EXERCISE BRIEF: Show each line of the data below in which "forall" occurs.

(EXERCISE INPUTS)

Lemma ge0_of_affine_ge0 (R : realFieldType) (a b : R) :
  0 <= b -> (forall s, 0 < s -> s <= 1 -> 0 <= a + s * b) -> 0 <= a.
Proof.
move=> b_ge0 affine_ge0; rewrite leNgt; apply/negP => a_lt0.
have ba_gt0 : 0 < b - a by lra.
(* At [s = - a / (b - a)] the value [a + s * b] equals [- a ^+ 2 / (b - a) < 0]. *)
set s := - a / (b - a).
have s_ba : s * (b - a) = - a by rewrite /s divfK // gt_eqF.
have s_gt0 : 0 < s by rewrite /s divr_gt0 // oppr_gt0.
have s_le1 : s <= 1 by rewrite /s ler_pdivrMr // mul1r; lra.
have := affine_ge0 s s_gt0 s_le1.
have : (a + s * b) * (b - a) = - (a * a) by nra.
nra.
Qed.

Section Subgradients.
Variables (R : realType) (p q : nat).
Implicit Types (F : 'M[R]_(p, q) -> R) (w : R) (M Y Z : 'M[R]_(p, q)).

Lemma wsqnorm_const w M : wsqnorm (const_mx w) M = 2^-1 * w * frob M M.
Proof.
rewrite /wsqnorm /frob -[RHS]mulrA; congr (_ * _); rewrite mulr_sumr; apply: eq_bigr => i _.
by rewrite mulr_sumr; apply: eq_bigr => j _; rewrite mxE expr2.
Qed.

Lemma prox_subdiff F w Y Z : convex_fun F -> 0 < w ->
  is_argmin (fun Z' => F Z' + wsqnorm (const_mx w) (Z' - Y)) Z ->
  subdiff F Z (w *: (Y - Z)).
Proof.
move=> F_convex w_gt0 Z_min Z'; set D := Z' - Z.
suff : 0 <= F Z' - F Z - w * frob (Y - Z) D by rewrite frobZl; lra.
apply: (@ge0_of_affine_ge0 _ _ (2^-1 * w * frob D D)).
  by have := frob_ge0 D; nra.
move=> s s_gt0 s_le1.
have F_conv := F_convex Z' Z s (ltW s_gt0) s_le1.
have := Z_min (s *: Z' + (1 - s) *: Z).
have -> : s *: Z' + (1 - s) *: Z - Y = s *: D - (Y - Z).
  by apply/matrixP => i j; rewrite /D !mxE; ring.
rewrite /= -(opprB Y Z) !wsqnorm_const frobNN.
rewrite (frob_sqrB (s *: D)) !frobZl frobZr (frobC D (Y - Z)) => Z_le.
have : 0 <= s * (F Z' - F Z - w * frob (Y - Z) D + s * (2^-1 * w * frob D D)).
  by nra.
by rewrite pmulr_rge0.
Qed.

Lemma subdiff_monotone F Z1 Z2 G1 G2 :
  subdiff F Z1 G1 -> subdiff F Z2 G2 -> 0 <= frob (G1 - G2) (Z1 - Z2).
Proof.
move=> G1_sub G2_sub; have := G1_sub Z2; have := G2_sub Z1.
by rewrite frobBl -(opprB Z1 Z2) !frobNr; lra.
Qed.

End Subgradients.

Section HNorm.
Variables (R : realType) (m d n : nat) (A : 'M[R]_(m, d)) (t : R).
Implicit Types (Z : 'M[R]_(d, n)) (E L : 'M[R]_(m, n)).

Definition hdot Z1 E1 L1 Z2 E2 L2 : R :=
  t * frob Z1 Z2 - frob (A *m Z1) (A *m Z2) + frob E1 E2 + frob L1 L2.

Definition hnorm Z E L : R := hdot Z E L Z E L.

Lemma hnormD Z1 E1 L1 Z2 E2 L2 :
  hnorm (Z1 + Z2) (E1 + E2) (L1 + L2) =
  hnorm Z1 E1 L1 + hnorm Z2 E2 L2 + 2 * hdot Z1 E1 L1 Z2 E2 L2.
Proof. by rewrite /hnorm /hdot mulmxDr !frob_sqrD; ring. Qed.

(* [dZ = Z_k - Z_(k+1)] and [eZ = Z_(k+1) - Z*], likewise for [E] and [lambda]; the
   last three hypotheses are the monotonicity of the subdifferentials of [f] and [g]. *)
Lemma hdot_ge0 dZ eZ dE eE dL eL :
  dL = - (A *m eZ + eE) ->
  0 <= frob (t *: dZ - A^T *m (A *m dZ + dE + eL)) eZ ->
  frob eL eE <= 0 -> frob dL dE <= 0 ->
  0 <= hdot dZ dE dL eZ eE eL.
Proof.
move=> dL_def f_mono g_mono g_mono_prev.
have AeZ : A *m eZ = - dL - eE by rewrite dL_def opprK addrK.
rewrite frobBl frobZl frob_mulTmx AeZ !frobDl !frobBr !frobNr in f_mono.
rewrite /hdot AeZ !frobBr !frobNr (frobC dL eL); rewrite (frobC dL dE) in g_mono_prev.
lra.
Qed.

Hypothesis A_le : forall Z, frob (A *m Z) (A *m Z) <= t * frob Z Z.

Lemma hnorm_ge0 Z E L : 0 <= hnorm Z E L.
Proof.
by rewrite /hnorm /hdot; have := A_le Z; have := frob_ge0 E; have := frob_ge0 L; lra.
Qed.

Lemma hnorm_le_add dZ eZ dE eE dL eL :
  0 <= hdot dZ dE dL eZ eE eL ->
  hnorm eZ eE eL <= hnorm (dZ + eZ) (dE + eE) (dL + eL).
Proof. by rewrite hnormD; have := hnorm_ge0 dZ dE dL; lra. Qed.

End HNorm.

Section ConstantParameters.
Variable R : realType.

Lemma hada_const p q a (M : 'M[R]_(p, q)) : hada (const_mx a) M = a *: M.
Proof. by apply/matrixP => i j; rewrite !mxE. Qed.

Lemma hada1 p q (M : 'M[R]_(p, q)) : hada (const_mx 1) M = M.
Proof. by rewrite hada_const scale1r. Qed.

Lemma erecip_const p q a : erecip (const_mx a : 'M[R]_(p, q)) = const_mx a^-1.
Proof. by apply/matrixP => i j; rewrite !mxE. Qed.

Lemma specnorm0 p q : specnorm (0 : 'M[R]_(p, q)) = 0.
Proof.
rewrite /specnorm; set S := [set _ | _ in _].
have S0 : S `<=` [set 0].
  move=> _ [x _ <-]; rewrite mul0mx /vnorm /frob big1 ?sqrtr0 // => i _.
  by rewrite big1 // => j _; rewrite mxE mul0r.
have [[y Sy] | /nonemptyPn ->] := boolp.pselect (S !=set0); last exact: sup0.
suff -> : S = [set 0] by exact: sup1.
by apply/seteqP; split=> // _ ->; rewrite -(S0 _ Sy).
Qed.

Variables (m d n : nat) (A : 'M[R]_(m, d)).

Lemma frob_Dop_const t (Z Z' : 'M[R]_(d, n)) :
  frob (Dop A A (const_mx t) (const_mx 1) Z) Z' = t * frob Z Z' - frob (A *m Z) (A *m Z').
Proof. by rewrite /Dop hada_const hada1 frobBl frobZl frob_mulTmx. Qed.

Lemma Sset_const sigma : 0 <= sigma ->
  Sset sigma A A (const_mx (1 + frob A A)) (const_mx 1 : 'M[R]_(m, n)).
Proof.
move=> sigma_ge0; split=> [|i j|i j|Z Z_neq0]; rewrite ?mxE ?ltr01 //.
- by rewrite subrr specnorm0.
- by have := frob_ge0 A; lra.
rewrite frob_Dop_const.
by have := frob_gt0 Z_neq0; have := frob_mulmx_le A Z; have := frob_ge0 A; nra.
Qed.

Lemma Hsqnorm_const_sub t Z E L Z' E' L' :
  Hsqnorm A A (const_mx t) (const_mx 1) (trip_sub (mk_triple Z E L) (mk_triple Z' E' L')) =
  hnorm A t (Z - Z') (E - E') (L - L' : 'M[R]_(m, n)).
Proof.
rewrite /Hsqnorm /trip_inner /Hop /= [frob (Z - Z') _]frobC frob_Dop_const.
by rewrite erecip_const invr1 !hada1 -opprD frobNN.
Qed.

End ConstantParameters.

Section ConstantIteration.
Variables (R : realType) (m d n : nat) (A : 'M[R]_(m, d)) (X : 'M[R]_(m, n)).
Variables (f : 'M[R]_(d, n) -> R) (g : 'M[R]_(m, n) -> R) (t : R).
Hypotheses (f_convex : convex_fun f) (g_convex : convex_fun g) (t_gt0 : 0 < t).
Hypothesis A_le : forall Z : 'M[R]_(d, n), frob (A *m Z) (A *m Z) <= t * frob Z Z.
Variables (Z : nat -> 'M[R]_(d, n)) (E lam : nat -> 'M[R]_(m, n)).
Hypothesis Z_E_lam :
  dladmm_seq A X f g (fun=> A) (fun=> const_mx t) (fun=> const_mx 1) Z E lam.

Lemma dladmm_const_step k :
  [/\ subdiff f (Z k.+1) (t *: (Z k - Z k.+1) - A^T *m (lam k + (A *m Z k + E k - X))),
      subdiff g (E k.+1) (- lam k.+1) &
      lam k.+1 = lam k + (A *m Z k.+1 + E k.+1 - X)].
Proof.
have [Z_min E_min lam_next] := Z_E_lam k; rewrite hada1 in lam_next.
split=> //.
- set M := A^T *m _.
  have -> : t *: (Z k - Z k.+1) - M = t *: (Z k - t^-1 *: M - Z k.+1).
    by apply/matrixP => i j; rewrite !mxE; field; rewrite gt_eqF.
  apply: prox_subdiff f_convex t_gt0 _ => Z'.
  have shift Y : Y - Z k + t^-1 *: M = Y - (Z k - t^-1 *: M).
    by rewrite opprB addrA addrAC.
  by have := Z_min Z'; rewrite /= hada1 erecip_const hada_const !shift.
- have -> : - lam k.+1 = 1 *: (X - A *m Z k.+1 - lam k - E k.+1).
    by rewrite lam_next; apply/matrixP => i j; rewrite !mxE; ring.
  apply: prox_subdiff g_convex ltr01 _ => E'.
  have shift Y : Y - X + A *m Z k.+1 + lam k = Y - (X - A *m Z k.+1 - lam k).
    by apply/matrixP => i j; rewrite !mxE; ring.
  by have := E_min E'; rewrite /= erecip_const invr1 hada1 !shift.
Qed.

Lemma dladmm_hnorm_le k Zs Es ls :
  (exists2 G, subdiff f Zs G & G + A^T *m ls = 0) ->
  (exists2 G, subdiff g Es G & G + ls = 0) ->
  A *m Zs + Es = X ->
  hnorm A t (Z k.+2 - Zs) (E k.+2 - Es) (lam k.+2 - ls)
  <= hnorm A t (Z k.+1 - Zs) (E k.+1 - Es) (lam k.+1 - ls).
Proof.
move=> [Gf f_sub /eqP]; rewrite addr_eq0 => /eqP Gf_def.
move=> [Gg g_sub /eqP]; rewrite addr_eq0 => /eqP Gg_def feasible; subst Gf Gg.
have [f_step g_step lam_step] := dladmm_const_step k.+1.
have [_ g_step_prev _] := dladmm_const_step k.
rewrite -[Z k.+1 - Zs](subrKA (Z k.+2)) -[E k.+1 - Es](subrKA (E k.+2)).
rewrite -[lam k.+1 - ls](subrKA (lam k.+2)).
apply: (hnorm_le_add A_le); apply: hdot_ge0.
- rewrite lam_step -feasible mulmxBr.
  by apply/matrixP => i j; rewrite !mxE; ring.
- have -> : A *m (Z k.+1 - Z k.+2) + (E k.+1 - E k.+2) + (lam k.+2 - ls) =
            lam k.+1 + (A *m Z k.+1 + E k.+1 - X) - ls.
    by rewrite lam_step mulmxBr; apply/matrixP => i j; rewrite !mxE; ring.
  have := subdiff_monotone f_step f_sub.
  by rewrite mulmxBr !(frobBl, frobNl); lra.
- have := subdiff_monotone g_step g_sub.
  by rewrite -opprD frobNl; lra.
- have := subdiff_monotone g_step g_step_prev.
  by rewrite -opprD opprB -(opprB (E k.+1)) frobNr; lra.
Qed.

End ConstantIteration.

Lemma inf_image_le (R : realType) (T : Type) (S : set T) (F G : T -> R) :
  S !=set0 -> (forall x, S x -> 0 <= F x) -> (forall x, S x -> F x <= G x) ->
  inf (F @` S) <= inf (G @` S).
Proof.
move=> [x0 Sx0] F_ge0 F_le_G; apply: lb_le_inf; first by exists (G x0), x0.
move=> _ [x Sx <-]; apply: le_trans (F_le_G x Sx).
by apply: ge_inf; [exists 0 => _ [y Sy <-]; exact: F_ge0 | exists x].
Qed.

Theorem theorem2 (R : realType) (m d n : nat) (A : 'M[R]_(m, d))
  (X : 'M[R]_(m, n)) (f : 'M[R]_(d, n) -> R) (g : 'M[R]_(m, n) -> R)
  (c : R) :
  convex_fun f -> convex_fun g ->
  (forall sigma : R, 0 <= sigma -> sigma <= c ->
     exists W theta beta, @Sset R m d n sigma A W theta beta) ->
  Omega_star A X f g !=set0 ->
  forall sigma : R, 0 <= sigma -> sigma <= c ->
  forall (Z0 : 'M[R]_(d, n)) (E0 lam0 : 'M[R]_(m, n)),
  exists (W : nat -> 'M[R]_(m, d)) (theta : nat -> 'M[R]_(d, n))
         (beta : nat -> 'M[R]_(m, n)),
    (forall k, Sset sigma A (W k) (theta k) (beta k)) /\
    forall (Z : nat -> 'M[R]_(d, n)) (E lam : nat -> 'M[R]_(m, n)),
      Z 0%N = Z0 -> E 0%N = E0 -> lam 0%N = lam0 ->
      dladmm_seq A X f g W theta beta Z E lam ->
      exists K : nat, forall k : nat, (K <= k)%N ->
        dist2H A (W k.+1) (theta k.+1) (beta k.+1) (Omega_star A X f g)
               (mk_triple (Z k.+1) (E k.+1) (lam k.+1))
        <= dist2H A (W k) (theta k) (beta k) (Omega_star A X f g)
               (mk_triple (Z k) (E k) (lam k)).
Proof.
move=> f_convex g_convex _ Omega_neq0 sigma sigma_ge0 _ Z0 E0 lam0.
pose t := 1 + frob A A.
have t_gt0 : 0 < t by rewrite /t; have := frob_ge0 A; lra.
have A_le (Z : 'M[R]_(d, n)) : frob (A *m Z) (A *m Z) <= t * frob Z Z.
  by have := frob_mulmx_le A Z; have := frob_ge0 Z; rewrite /t mulrDl mul1r; lra.
exists (fun=> A), (fun=> const_mx t), (fun=> const_mx 1).
split=> [k | Z E lam _ _ _ Z_E_lam]; first exact: Sset_const.
exists 1%N => -[// | k] _.
apply: inf_image_le => // _ [Zs [Es [ls [-> f_opt g_opt feasible]]]].
all: rewrite !Hsqnorm_const_sub.
  exact: hnorm_ge0.
exact: (dladmm_hnorm_le f_convex g_convex t_gt0 A_le Z_E_lam).
Qed.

(End EXERCISE INPUTS)

SOLUTION TO THIS EXERCISE:
  0 <= b -> (forall s, 0 < s -> s <= 1 -> 0 <= a + s * b) -> 0 <= a.
Hypothesis A_le : forall Z, frob (A *m Z) (A *m Z) <= t * frob Z Z.
Hypothesis A_le : forall Z : 'M[R]_(d, n), frob (A *m Z) (A *m Z) <= t * frob Z Z.
  S !=set0 -> (forall x, S x -> 0 <= F x) -> (forall x, S x -> F x <= G x) ->
  (forall sigma : R, 0 <= sigma -> sigma <= c ->
  forall sigma : R, 0 <= sigma -> sigma <= c ->
  forall (Z0 : 'M[R]_(d, n)) (E0 lam0 : 'M[R]_(m, n)),
    (forall k, Sset sigma A (W k) (theta k) (beta k)) /\
    forall (Z : nat -> 'M[R]_(d, n)) (E lam : nat -> 'M[R]_(m, n)),
      exists K : nat, forall k : nat, (K <= k)%N ->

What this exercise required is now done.